Stored items:
──────────────────────────────

Lemma prod_span_reindex (F : fieldType) (L : lmodType F) (n : nat)
    (mult : {ffun 'I_n -> L} -> L) (A : 'I_n -> set L) (s t : 'S_n) :
  prod_span mult A s = prod_span mult (A \o t) (s * t^-1)%g.
Proof.
rewrite /prod_span; congr lspan; apply/seteqP; split=> _ [x Ax <-].
- exists (x \o t) => [r|]; first exact: Ax.
  by congr mult; apply/ffunP => p; rewrite !ffunE /= permM permKV.
- exists (x \o t^-1%g) => [r|]; first by have := Ax (t^-1%g r); rewrite /= permKV.
  by congr mult; apply/ffunP => p; rewrite !ffunE /= permM.
Qed.

Section IndexMaps.

Variables (F : fieldType) (L : lmodType F) (n : nat) (mult : {ffun 'I_n -> L} -> L).
Variables (V : set L) (I : eqType) (e : I -> L).
Hypothesis e_indep : lin_indep e.
Hypothesis V_span0 : forall x, V x -> lspan (range e) x -> x = 0.

Local Notation a_sig := (a_sig mult V e).
Local Notation mu := (mu mult V e).

Definition target (r : option I) : set L :=
  match r with Some j => line (e j) | None => V end.

Lemma target_inj (r1 r2 : option I) (z : L) :
  z != 0 -> target r1 z -> target r2 z -> r1 = r2.
Proof.
have V_line0 j : V z -> line (e j) z -> z = 0.
  by move=> Vz /(line_sub_lspan (imageT e j)); apply: V_span0.
move=> z_neq0; case: r1 => [a|] /= z1; case: r2 => [b|] //= z2.
- by rewrite (line_indep_inj e_indep z_neq0 z1 z2).
- by move: z_neq0; rewrite (V_line0 a z2 z1) eqxx.
- by move: z_neq0; rewrite (V_line0 b z1 z2) eqxx.
Qed.

Lemma a_sig_uniq (s : 'S_n) (js : seq (option I)) (r1 r2 : option I) :
  a_sig s js r1 -> a_sig s js r2 -> r1 = r2.
Proof.
move=> [span_neq0 sub1] [_ sub2].
have [z span_z z_neq0] := lspan_neq0 span_neq0.
exact: target_inj z_neq0 (sub1 z span_z) (sub2 z span_z).
Qed.

Lemma b_sigE (s : 'S_n) (j x : option I) (rest : seq (option I)) :
  b_sig mult V e s j rest x <-> a_sig s (x :: rest) j.
Proof.
rewrite /b_sig; split=> [->//|a_j].
by apply/seteqP; split=> [r /(a_sig_uniq a_j) ->|r ->].
Qed.

Lemma mu_Unb_swap (a b : option I) (X : bsym ((n.-1).-tuple (option I))) :
  mu (Unb a) X b <-> mu (Unb b) (bbar X) a.
Proof. by case: X => js; split=> -[s ab]; exists s; apply/b_sigE. Qed.

Hypothesis n_gt1 : (1 < n)%N.

Definition swap01 : 'S_n := tperm (Ordinal (ltnW n_gt1)) (Ordinal n_gt1).

Lemma swap01V : swap01^-1%g = swap01.
Proof. exact: tpermV. Qed.

Lemma a_sig_swap (s : 'S_n) (a b : option I) (rest : seq (option I)) :
  a_sig s [:: a, b & rest] = a_sig (s * swap01)%g [:: b, a & rest].
Proof.
rewrite /a_sig.
have -> : (fun p : 'I_n => u_of V e (nth None [:: b, a & rest] p)) =
          (fun p : 'I_n => u_of V e (nth None [:: a, b & rest] p)) \o swap01.
  by apply: funext => p /=; rewrite nth_tperm01.
by rewrite (prod_span_reindex _ _ _ swap01) swap01V.
Qed.

Lemma mu_Bar_swap (a b : option I) (X : bsym ((n.-1).-tuple (option I))) :
  mu (Bar a) X b <-> mu (Bar b) X a.
Proof.
case: X => js //=; split=> -[k [s /b_sigE a_k]];
  by exists k, (s * swap01)%g; apply/b_sigE; rewrite -a_sig_swap.
Qed.

End IndexMaps.

Lemma meet_range_Unb_neq0 (A : Type) (P J : set (bsym A)) :
  P `&` J `&` range Unb <> set0 <-> exists k, J (Unb k) /\ P (Unb k).
Proof.
rewrite neq_set0P; split=> [[x [[Px Jx] [k _ kx]]]|[k [Jk Pk]]].
  by exists k; rewrite kx.
by exists (Unb k); split; [split|exists k].
Qed.

Lemma phi1_UnbE (F : fieldType) (L : lmodType F) (n : nat)
    (mult : {ffun 'I_n -> L} -> L) (V : set L) (I : eqType) (e : I -> L)
    (j : bsym I) (X : bsym ((n.-1).-tuple (option I))) (i : I) :
  phi mult V e [set j] X (Unb i) <-> mu mult V e (bmap Some j) X (Some i).
Proof. by split=> [[_ [-> mu_i]]|mu_i]; last by exists j. Qed.

Theorem lemma3p3 (F : fieldType) (G : zmodType) (eps : G -> G -> F) (n : nat)
  (L : lmodType F) (Lg : G -> set L) (mult : {ffun 'I_n -> L} -> L)
  (V W : set L) (I : eqType) (e : I -> L) :
  (2 <= n)%N -> bicharacter eps -> color_gLt eps Lg mult ->
  quasi_mult_basis Lg mult V W e ->
  forall (J : set (bsym I)) (X : bsym ((n.-1).-tuple (option I))) (i : I),
    J = bbar @` J ->
    (phi mult V e J X (Unb i) <->
     ((phi mult V e [set Unb i] (bbar X) `&` J `&` range Unb) <> set0 \/
      (phi mult V e [set Bar i] X `&` J `&` range Unb) <> set0)).
Proof.
move=> n_gt1 _ _ [_ _ [_ VW] [[e_indep W_span] _] _] J X i J_bar.
have V_span0 x : V x -> lspan (range e) x -> x = 0 by rewrite -W_span; apply: VW.
have JUB := bar_closed_Unb _ J_bar.
have Unb_swap := mu_Unb_swap mult e_indep V_span0.
have Bar_swap := mu_Bar_swap mult e_indep V_span0 n_gt1.
rewrite !meet_range_Unb_neq0; split.
- case=> -[k|k] [Jk mu_ki].
  + by left; exists k; split=> //; apply/phi1_UnbE/Unb_swap; rewrite bbarK.
  + by right; exists k; split; [apply/JUB|apply/phi1_UnbE/Bar_swap].
- case=> -[k [Jk /phi1_UnbE mu_ik]].
  + by exists (Unb k); split=> //; apply/Unb_swap.
  + by exists (Bar k); split; [apply/JUB|apply/Bar_swap].
Qed.
(* Assume $f$ is in Case 2. Then, for every sufficiently small $r>0$, $A_f^l=A_0\setminus E_z$ holds for every $l>0$ if $\delta\le d$, and for every $0<l<\alpha$ if $\delta>d$ and $(n_1,m_1)\neq(0,\delta)$.
   Context: Let $f(z,w)=(p(z),q(z,w))$ be a holomorphic skew product defined on $\mathbb{C}^2$ or on $\{|z|<R\}\times\mathbb{C}$, where $R$ is so large that the attracting basin $A_p$ of $p$ at $0$ is relatively compact in $\{|z|<R\}$. Assume $p(z)=az^{\delta}+O(z^{\delta+1})$, $a\neq0$, $\delta\ge2$, and $q(z,w)=\sum_{i,j\ge0}b_{ij}z^iw^j$ with $b_{00}=b_{01}=0$. The Newton polygon $N(q)$ is the convex hull of $\bigcup_{b_{ij}\ne0}\{(x,y):x\ge i,\ y\ge j\}$, with vertices $(n_1,m_1),\dots,(n_s,m_s)$, $n_1<\dots<n_s$, $m_1>\dots>m_s$, $s>1$; $T_{s-1}$ is the $y$-intercept of the line through $(n_{s-1},m_{s-1})$ and $(n_s,m_s)$. Case 2 means $\delta\le T_{s-1}$; set $(\gamma,d)=(n_s,m_s)$ and, when $\delta\ne d$, $\alpha=\gamma/(\delta-d)$. For $l>0$ let $U^l=\{|z|<r,\ |w|<r|z|^l\}$ and $A_f^l=\bigcup_{n\ge0}f^{-n}(U^l)$. $A_0$ is the attracting basin of the origin for $f$, and $E_z=\bigcup_{n\ge0}f^{-n}(\{z=0\})$. *)

From HB Require Import structures.
From mathcomp Require Import all_boot all_order all_algebra.
From mathcomp Require Import complex.
From mathcomp Require Import reals exp.
Set Implicit Arguments.
Unset Strict Implicit.
Unset Printing Implicit Defensive.
Import Order.TTheory GRing.Theory Num.Theory.
Local Open Scope ring_scope.

Section Defs.
Variable R : realType.
Local Notation C := (R[i]).

Definition cabs (z : C) : R := Normc.normc z.

Definition skew (p : C -> C) (q : C -> C -> C) (x : C * C) : C * C :=
  (p x.1, q x.1 x.2).

Definition pseries1 (a : nat -> C) (p : C -> C) (z : C) : Prop :=
  (exists M : R, forall N, \sum_(k < N) cabs (a k) * cabs z ^+ k <= M) /\
  (forall eps : R, 0 < eps -> exists N0, forall N, (N0 <= N)%N ->
     cabs (p z - \sum_(k < N) a k * z ^+ k) < eps).

Definition pseries2 (b : nat -> nat -> C) (q : C -> C -> C) (z w : C) : Prop :=
  (exists M : R, forall N,
      \sum_(i < N) \sum_(j < N) cabs (b i j) * cabs z ^+ i * cabs w ^+ j <= M) /\
  (forall eps : R, 0 < eps -> exists N0, forall N, (N0 <= N)%N ->
     cabs (q z w - \sum_(i < N) \sum_(j < N) b i j * z ^+ i * w ^+ j) < eps).

Definition basin1 (DZ : C -> Prop) (p : C -> C) : C -> Prop :=
  fun z => (forall k, DZ (iter k p z)) /\
    (forall eps : R, 0 < eps -> exists N, forall k, (N <= k)%N ->
        cabs (iter k p z) < eps).

Definition basin2 (DZ : C -> Prop) (p : C -> C) (q : C -> C -> C) : C * C -> Prop :=
  fun x => (forall k, DZ (iter k (skew p q) x).1) /\
    (forall eps : R, 0 < eps -> exists N, forall k, (N <= k)%N ->
        cabs (iter k (skew p q) x).1 < eps /\ cabs (iter k (skew p q) x).2 < eps).

(* f^{-n}(U): points whose first n iterates are defined (stay in DZ x C)
   and whose n-th iterate lies in U *)
Definition preim_iter (DZ : C -> Prop) (p : C -> C) (q : C -> C -> C)
    (n : nat) (U : C * C -> Prop) : C * C -> Prop :=
  fun x => (forall k, (k <= n)%N -> DZ (iter k (skew p q) x).1) /\
           U (iter n (skew p q) x).

Definition Ez (DZ : C -> Prop) (p : C -> C) (q : C -> C -> C) : C * C -> Prop :=
  fun x => exists n, preim_iter DZ p q n (fun y => y.1 = 0) x.

Definition Ul (r l : R) : C * C -> Prop :=
  fun x => cabs x.1 < r /\ cabs x.2 < r * powR (cabs x.1) l.

Definition Afl (DZ : C -> Prop) (p : C -> C) (q : C -> C -> C) (r l : R)
  : C * C -> Prop :=
  fun x => exists n, preim_iter DZ p q n (Ul r l) x.

(* the admissible domains for the z-variable: all of C, or a disc {|z| < Rd}
   in which the basin A_p is relatively compact (its closure, taken in C, is a
   compact subset of the open disc, i.e. A_p lies in a closed disc of radius
   R' < Rd) *)
Definition admissible_domain (DZ : C -> Prop) (p : C -> C) : Prop :=
  (forall z, DZ z) \/
  (exists Rd : R, 0 < Rd /\ (forall z, DZ z <-> cabs z < Rd) /\
     exists R' : R, R' < Rd /\ forall z, basin1 DZ p z -> cabs z <= R').

Definition NPquad (b : nat -> nat -> C) (v : R * R) : Prop :=
  exists i j : nat, b i j != 0 /\ (i%:R <= v.1) /\ (j%:R <= v.2).

Definition conv_hull (S : R * R -> Prop) (v : R * R) : Prop :=
  exists (n : nat) (u : 'I_n -> R * R) (t : 'I_n -> R),
    (forall k, S (u k)) /\ (forall k, 0 <= t k) /\ \sum_(k < n) t k = 1 /\
    v = (\sum_(k < n) t k * (u k).1, \sum_(k < n) t k * (u k).2).

Definition newton_polygon (b : nat -> nat -> C) : R * R -> Prop :=
  conv_hull (NPquad b).

Definition is_vertex (S : R * R -> Prop) (v : R * R) : Prop :=
  S v /\ forall a c : R * R, forall t : R, S a -> S c -> 0 < t -> t < 1 ->
    v = (t * a.1 + (1 - t) * c.1, t * a.2 + (1 - t) * c.2) -> a = c.

Definition NP_vertices (b : nat -> nat -> C) (s : nat) (nv mv : nat -> nat) : Prop :=
  (forall k, (1 <= k)%N -> (k < s)%N -> (nv k < nv k.+1)%N /\ (mv k.+1 < mv k)%N) /\
  (forall v, is_vertex (newton_polygon b) v <->
     exists k, [/\ (1 <= k)%N, (k <= s)%N & v = ((nv k)%:R, (mv k)%:R)]).

(* y-intercept of the line through (n_{s-1},m_{s-1}) and (n_s,m_s) *)
Definition T_last (s : nat) (nv mv : nat -> nat) : R :=
  (mv s.-1)%:R + (nv s.-1)%:R * (((mv s.-1)%:R - (mv s)%:R) / ((nv s)%:R - (nv s.-1)%:R)).

End Defs.

(* Write (z_n, w_n) for an orbit of f and Z_n = - ln |z_n|, W_n = - ln |w_n|.
   Near the origin p contracts and |q(z,w)| <= B |z| + C |w|^2 because b_00 = b_01 = 0, so a
   small polydisc is absorbing, and an orbit entering it at a point with z <> 0 never meets
   {z = 0}: this gives A_f^l in A_0 \ E_z.
   Conversely fix lp > l close to l. The minimum of i + lp j over the support of q is attained
   at a vertex of N(q); if delta <= d, or in Case 2 with lp < alpha (then every vertex lies above
   the line through (0, delta) and (gamma, d)), it exceeds delta lp. Hence on the sector
   |w| >= |z|^lp we get |q(z,w)| <= |w|^mu for some mu > delta, i.e. W_(n+1) >= mu W_n, while
   Z_(n+1) <= dd Z_n for any dd > delta. An orbit in A_0 \ E_z cannot stay in the sector, as
   W_n would outgrow lp Z_n; the first exit from the sector near the origin lies in U^l. *)

From Pilot Require Import Defs.
From HB Require Import structures.
From mathcomp Require Import all_boot all_order all_algebra.
From mathcomp Require Import complex.
From mathcomp Require Import reals exp sequences.
From mathcomp Require Import ring lra.
From Stdlib Require Import Classical_Prop.
Set Implicit Arguments.
Unset Strict Implicit.
Unset Printing Implicit Defensive.
Import Order.TTheory GRing.Theory Num.Theory.
Local Open Scope ring_scope.

(** * Moduli, power series and real estimates *)

Section Modulus.
Variable R : realType.
Local Notation C := (R[i]).
Implicit Types x y z : C.

Lemma cabs_ge0 z : 0 <= cabs z.
Proof. by case: z => x y; rewrite /cabs /= sqrtr_ge0. Qed.

Lemma cabs0 : cabs (0 : C) = 0.
Proof. exact: Normc.normc0. Qed.

Lemma cabs_eq0 z : cabs z = 0 -> z = 0.
Proof. exact: Normc.eq0_normc. Qed.

Lemma cabs_gt0 z : z != 0 -> 0 < cabs z.
Proof. by move=> nz; rewrite lt_def cabs_ge0 andbT; apply: contra nz => /eqP/cabs_eq0 ->. Qed.

Lemma cabsM x y : cabs (x * y) = cabs x * cabs y.
Proof. exact: Normc.normcM. Qed.

Lemma cabsX z n : cabs (z ^+ n) = cabs z ^+ n.
Proof.
elim: n => [|n IH]; first by rewrite !expr0 /cabs Normc.normc1.
by rewrite !exprS cabsM IH.
Qed.

Lemma cabsD x y : cabs (x + y) <= cabs x + cabs y.
Proof. exact: le_normcD. Qed.

Lemma cabs_distC x y : cabs (x - y) = cabs (y - x).
Proof. by rewrite /cabs -normcN opprB. Qed.

Lemma cabs_le_addB x y : cabs x <= cabs y + cabs (x - y).
Proof. by have := cabsD y (x - y); rewrite addrC subrK. Qed.

Lemma cabs_real (x : R) : 0 <= x -> cabs (Complex x 0) = x.
Proof. by move=> x0; rewrite /cabs /= expr0n /= addr0 sqrtr_sqr ger0_norm. Qed.

Lemma cabs_sum N (F : nat -> C) :
  cabs (\sum_(k < N) F k) <= \sum_(k < N) cabs (F k).
Proof.
elim: N => [|N IH]; first by rewrite !big_ord0 cabs0.
by rewrite !big_ord_recr /=; apply: le_trans (cabsD _ _) _; apply: lerD.
Qed.

Lemma cabs_limit_le v (S : nat -> C) (B : R) :
  (forall eps : R, 0 < eps -> exists N0, forall N, (N0 <= N)%N -> cabs (v - S N) < eps) ->
  (forall N, cabs (S N) <= B) -> cabs v <= B.
Proof.
move=> cvS bS; rewrite leNgt; apply/negP => Bv.
have [N0 hN0] := cvS (cabs v - B) ltac:(by rewrite subr_gt0).
have := hN0 N0 (leqnn _); have := bS N0; have := cabs_le_addB v (S N0).
rewrite cabs_distC; lra.
Qed.

Lemma cabs_series1_le (c : nat -> C) z v (d : nat -> R) (E M : R) :
  (forall eps : R, 0 < eps -> exists N0, forall N, (N0 <= N)%N ->
     cabs (v - \sum_(k < N) c k * z ^+ k) < eps) ->
  0 <= E -> (forall k, cabs (c k) * cabs z ^+ k <= E * d k) ->
  (forall N, \sum_(k < N) d k <= M) -> cabs v <= E * M.
Proof.
move=> cv E0 cd dM.
apply: (cabs_limit_le (S := fun N => \sum_(k < N) c k * z ^+ k) cv) => N.
apply: le_trans (cabs_sum N (fun k => c k * z ^+ k)) _.
apply: le_trans (_ : \sum_(k < N) E * d k <= _); last by rewrite -mulr_sumr ler_wpM2l.
by apply: ler_sum => k _; rewrite cabsM cabsX.
Qed.

Lemma cabs_series2_le (c : nat -> nat -> C) z w v (d : nat -> nat -> R) (E M : R) :
  (forall eps : R, 0 < eps -> exists N0, forall N, (N0 <= N)%N ->
     cabs (v - \sum_(i < N) \sum_(j < N) c i j * z ^+ i * w ^+ j) < eps) ->
  0 <= E -> (forall i j, cabs (c i j) * cabs z ^+ i * cabs w ^+ j <= E * d i j) ->
  (forall N, \sum_(i < N) \sum_(j < N) d i j <= M) -> cabs v <= E * M.
Proof.
move=> cv E0 cd dM.
apply: (cabs_limit_le (S := fun N => \sum_(i < N) \sum_(j < N) c i j * z ^+ i * w ^+ j) cv).
move=> N.
apply: le_trans (cabs_sum N (fun i => \sum_(j < N) c i j * z ^+ i * w ^+ j)) _.
apply: le_trans (_ : \sum_(i < N) \sum_(j < N) E * d i j <= _); last first.
  by under eq_bigr do rewrite -mulr_sumr; rewrite -mulr_sumr ler_wpM2l.
apply: ler_sum => i _; apply: le_trans (cabs_sum N (fun j => c i j * z ^+ i * w ^+ j)) _.
by apply: ler_sum => j _; rewrite !cabsM !cabsX.
Qed.

End Modulus.

Lemma exists_natr_gt (R : archiRealDomainType) (x : R) : exists n : nat, x < n%:R.
Proof.
exists (Num.bound `|x|); apply: le_lt_trans (real_ler_norm (num_real x)) _.
exact: archi_boundP (normr_ge0 x).
Qed.

Lemma finite_pos_lower_bound (R : realDomainType) (f : nat -> R) s :
  (forall k, (1 <= k)%N -> (k <= s)%N -> 0 < f k) ->
  exists2 e, 0 < e & forall k, (1 <= k)%N -> (k <= s)%N -> e <= f k.
Proof.
elim: s => [|s IH] f_gt0; first by exists 1 => // k k1 /(leq_trans k1).
have [e e0 e_le] := IH (fun k k1 ks => f_gt0 k k1 (leqW ks)).
have fs0 : 0 < f s.+1 by apply: f_gt0.
exists (Num.min e (f s.+1)); first by rewrite lt_min e0.
move=> k k1; rewrite leq_eqVlt => /orP[/eqP ->|ks]; first by rewrite ge_min lexx orbT.
by rewrite ge_min e_le.
Qed.

Lemma sum_drop_term (V : zmodType) N m (F : nat -> V) : (m < N)%N ->
  \sum_(k < N) (if k == m :> nat then 0 else F k) = \sum_(k < N) F k - F m.
Proof.
move=> mN; rewrite [in RHS](bigD1 (Ordinal mN)) //= addrAC subrr add0r.
rewrite (bigD1 (Ordinal mN)) //= eqxx add0r; apply: eq_bigr => k /negPf km.
by rewrite -(inj_eq val_inj) /= in km; rewrite km.
Qed.

Lemma exprM_le_add_sqr (R : realDomainType) (u v : R) i j :
  0 <= u <= 1 -> 0 <= v <= 1 -> (0 < i)%N \/ (2 <= j)%N -> u ^+ i * v ^+ j <= u + v ^+ 2.
Proof.
move=> /andP[u0 u1] /andP[v0 v1] ij.
have [ui0 ui1] := (exprn_ge0 i u0, exprn_ile1 i u0 u1).
have [vj0 vj1] := (exprn_ge0 j v0, exprn_ile1 j v0 v1).
have v20 : 0 <= v ^+ 2 := exprn_ge0 2 v0.
case: ij => [i0|j2].
  have : u ^+ i <= u ^+ 1 by apply: ler_wiXn2l.
  have : u ^+ i * v ^+ j <= u ^+ i by rewrite ler_piMr.
  by rewrite expr1; lra.
have : v ^+ j <= v ^+ 2 by apply: ler_wiXn2l.
have : u ^+ i * v ^+ j <= v ^+ j by rewrite ler_piMl.
lra.
Qed.

Lemma geometric_decay (R : realFieldType) (u v : nat -> R) (B : R) :
  0 <= B -> (forall n, 0 <= u n) -> 0 <= v 0%N ->
  (forall n, u n.+1 <= u n / 4 /\ v n.+1 <= B * u n + v n / 4) ->
  forall n, u n <= u 0%N * 4^-1 ^+ n /\ v n <= (v 0%N + 4 * B * u 0%N) * 2^-1 ^+ n.
Proof.
move=> B0 u_ge0 v0 step; have u0 := u_ge0 0%N.
elim=> [|n [un vn]]; first by rewrite !expr0 !mulr1; split => //; nra.
have [h0 h1] : 0 <= 2^-1 :> R /\ 2^-1 <= 1 :> R by split; lra.
have [x0 x1] := (exprn_ge0 n h0, exprn_ile1 n h0 h1).
have e4 : 4^-1 ^+ n = 2^-1 ^+ n * 2^-1 ^+ n :> R.
  by rewrite -exprMn -invfM; congr (_^-1 ^+ _); lra.
have [un1 vn1] := step n; rewrite !exprS; rewrite e4 in un *.
have Bun := ler_wpM2l B0 un; have := u_ge0 n.
have Bu0 : B * u 0%N * (2^-1 ^+ n * 2^-1 ^+ n) <= B * u 0%N * 2^-1 ^+ n.
  by apply: ler_wpM2l; [exact: mulr_ge0 | rewrite ler_piMr].
have := mulr_ge0 v0 x0; split; lra.
Qed.

Lemma geometric_lt (R : archiRealFieldType) (c eps : R) : 0 < eps ->
  exists N, c * 2^-1 ^+ N < eps.
Proof.
move=> eps0; have [N cN] := exists_natr_gt (c / eps).
have pow2 : (N%:R : R) < 2 ^+ N by rewrite -natrX ltr_nat ltn_expl.
exists N; rewrite exprVn ltr_pdivrMr ?exprn_gt0 //; rewrite ltr_pdivrMr // in cN.
by apply: lt_trans cN _; rewrite mulrC ltr_pM2l.
Qed.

──────────────────────────────

_What you will do:_ Write down again, exactly as given, only the lines above that fall from the line with "Proof. exact: le_normcD. Qed." to the line with "Proof. by have", inclusive.

_Result of this task:_
Proof. exact: le_normcD. Qed.

Lemma cabs_distC x y : cabs (x - y) = cabs (y - x).
Proof. by rewrite /cabs -normcN opprB. Qed.

Lemma cabs_le_addB x y : cabs x <= cabs y + cabs (x - y).
Proof. by have := cabsD y (x - y); rewrite addrC subrK. Qed.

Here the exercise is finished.